*Aim of the task*
When you reach the line in the listing below that contains "link phi psi h -> link psi chi", begin returning lines exactly as written, and stop after the line that contains "move=> phi_hom phi_c;". Return no other lines.

*Dataset content*
——

Lemma twist_ker k : ker_eps k -> twist phi c k = phi k.
Proof. by move=> k0; rewrite /twist ker_part_id // k0 gpow0 mulg1. Qed.

Lemma twist_t : twist phi c t = phi t ** c.
Proof.
  have t_ker_part : ker_part t = gone by rewrite /ker_part eps_t gpowN gpow1 mulgV.
  by rewrite /twist t_ker_part hom1 // gmul1l eps_t gpow1.
Qed.

Lemma twist_lcong : (forall f, lc (c ** phi f) (phi f)) -> forall f, lc (twist phi c f) (phi f).
Proof.
  move=> c_phi f; rewrite /twist -{3}(ker_partK f) phi_hom (hom_gpow phi phi_hom).
  rewrite lcong_mul2l.
  by apply: lcong_gpow => // m; rewrite -hom_gpow.
Qed.

End Twist.

Definition link (phi psi : F -> G) (h : G) : Prop :=
  [/\ H h, forall k, ker_eps k -> psi k = conjg h (phi k) & forall f, lc (psi f) (h ** phi f)].

Lemma link_refl phi : link phi phi gone.
Proof.
  split=> [|k _|f]; [exact: subg1 | by rewrite conjg1 |].
  by rewrite gmul1l; apply: lcong_refl.
Qed.

Lemma link_sym {phi psi h} : link phi psi h -> link psi phi h^-1.
Proof.
  case=> Hh psi_ker psi_lc; split=> [|k k0|f]; first exact: subgV.
  - by rewrite psi_ker // conjgK.
  - by apply: lcong_sym => //; rewrite -(lcong_mul2l h) mulKVg; apply: psi_lc.
Qed.

Lemma link_trans {phi psi chi h h'} :
  link phi psi h -> link psi chi h' -> link phi chi (h' ** h).
Proof.
  case=> Hh psi_ker psi_lc [Hh' chi_ker chi_lc]; split=> [|k k0|f]; first exact: subgM.
  - by rewrite chi_ker // psi_ker // conjgM.
  - by apply: lcong_trans (chi_lc f) _ => //; rewrite -gmulA lcong_mul2l.
Qed.

Lemma link_conjg phi {s} : H s -> link phi (fun f => conjg s (phi f)) s.
Proof.
  move=> Hs; split=> // f; apply: lcong_sym => //.
  by apply: lcong_mulr => //; apply: subgV.
Qed.

Lemma link_centralizes {phi c k} : link phi phi c -> ker_eps k -> c ** phi k = phi k ** c.
Proof. by case=> _ phi_ker _ k0; rewrite {2}(phi_ker k k0) /conjg mulgKV. Qed.

Lemma link_twist {phi c} : is_hom phi -> link phi phi c -> link phi (twist phi c) c.
Proof.
  move=> phi_hom phi_c; have [Hc phi_ker phi_lc] := phi_c.
  have c_centralizes k : ker_eps k -> c ** phi k = phi k ** c by apply: link_centralizes.
  split=> // [k k0|f]; first by rewrite twist_ker //; apply: phi_ker.
  apply: lcong_trans (phi_lc f) => //; apply: twist_lcong => // f'.
  exact: lcong_sym.
Qed.

Definition double_coset_cond (phi : F -> G) : Prop :=
  forall w : {w : F | W w}, in_double_coset H (g w) (phi (proj1_sig w)).

Lemma double_coset_cond_link {phi psi h} :
  link phi psi h -> double_coset_cond phi -> double_coset_cond psi.
Proof.
  case=> Hh _ psi_lc phi_dc w; have [h1 [h2 [Hh1 [Hh2 E]]]] := phi_dc w.
  set x := proj1_sig w in E *.
  exists (h ** h1), (h2 ** ((h ** phi x)^-1 ** psi x)).
  have Hpsi : H ((h ** phi x)^-1 ** psi x) by apply: (lcong_sym H_sub); apply: psi_lc.
  split; [exact: subgM | split; first exact: subgM].
  have -> : h ** h1 ** g w = h ** (h1 ** g w ** h2) ** h2^-1 by rewrite !gmulA mulgK.
  by rewrite E -gmulA mulKg mulKVg.
Qed.

Section Parametrization.
Variable phi0 : F -> G.
Hypothesis phi0_hom : is_hom phi0.

Local Notation stab := (link phi0 phi0).

Lemma stab_subgroup : is_subgroup stab.
Proof.
  split; first exact: link_refl.
  by split=> [x y sx sy|x sx]; [apply: link_trans sy sx | apply: link_sym].
Qed.

Definition coset_rep (h : G) : G :=
  epsilon (inhabits gone) (fun s => H s /\ lcong stab s h).

Lemma coset_repP {h} : H h -> H (coset_rep h) /\ stab ((coset_rep h)^-1 ** h).
Proof.
  move=> Hh; apply: (epsilon_spec _ (fun s => H s /\ lcong stab s h)).
  by exists h; split; last exact: lcong_refl stab_subgroup h.
Qed.

Lemma coset_rep_eq {h h'} : lcong stab h h' -> coset_rep h = coset_rep h'.
Proof.
  move=> hh'; rewrite /coset_rep; congr epsilon.
  apply: functional_extensionality => s; apply: propositional_extensionality.
  split=> -[Hs sh]; split=> //.
  - exact (lcong_trans stab_subgroup sh hh').
  - exact (lcong_trans stab_subgroup sh (lcong_sym stab_subgroup hh')).
Qed.

Definition linked_hom (h : G) (f : F) : G :=
  conjg (coset_rep h) (twist phi0 ((coset_rep h)^-1 ** h) f).

Lemma link_linked_hom {h} : H h -> link phi0 (linked_hom h) h.
Proof.
  move=> Hh; have [Hs stab_c] := coset_repP Hh.
  rewrite -{2}(mulKVg (coset_rep h) h).
  exact: link_trans (link_twist phi0_hom stab_c) (link_conjg _ Hs).
Qed.

Lemma linked_hom_is_hom h : H h -> is_hom (linked_hom h).
Proof.
  move=> Hh f f'; have [_ stab_c] := coset_repP Hh.
  rewrite /linked_hom (twist_hom _ _ phi0_hom) ?conjg_is_hom // => k k0.
  exact: link_centralizes.
Qed.

Lemma linked_hom_inj h h' : H h -> H h' -> linked_hom h = linked_hom h' -> h = h'.
Proof.
  move=> Hh Hh' linked_hh'; have [_ stab_c] := coset_repP Hh; have [_ stab_c'] := coset_repP Hh'.
  have stab_hh' : stab (h^-1 ** h').
    apply: link_trans (link_linked_hom Hh') _.
    by rewrite -linked_hh'; apply: link_sym; apply: link_linked_hom.
  have := f_equal (fun psi => conjg (coset_rep h)^-1 (psi t)) linked_hh'.
  rewrite /linked_hom -(coset_rep_eq stab_hh') !conjgK.
  rewrite !twist_t ?(link_centralizes stab_c) ?(link_centralizes stab_c') //.
  by move=> /mulgI /mulgI.
Qed.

——

*Written solution*
  link phi psi h -> link psi chi h' -> link phi chi (h' ** h).
Proof.
  case=> Hh psi_ker psi_lc [Hh' chi_ker chi_lc]; split=> [|k k0|f]; first exact: subgM.
  - by rewrite chi_ker // psi_ker // conjgM.
  - by apply: lcong_trans (chi_lc f) _ => //; rewrite -gmulA lcong_mul2l.
Qed.

Lemma link_conjg phi {s} : H s -> link phi (fun f => conjg s (phi f)) s.
Proof.
  move=> Hs; split=> // f; apply: lcong_sym => //.
  by apply: lcong_mulr => //; apply: subgV.
Qed.

Lemma link_centralizes {phi c k} : link phi phi c -> ker_eps k -> c ** phi k = phi k ** c.
Proof. by case=> _ phi_ker _ k0; rewrite {2}(phi_ker k k0) /conjg mulgKV. Qed.

Lemma link_twist {phi c} : is_hom phi -> link phi phi c -> link phi (twist phi c) c.
Proof.
  move=> phi_hom phi_c; have [Hc phi_ker phi_lc] := phi_c.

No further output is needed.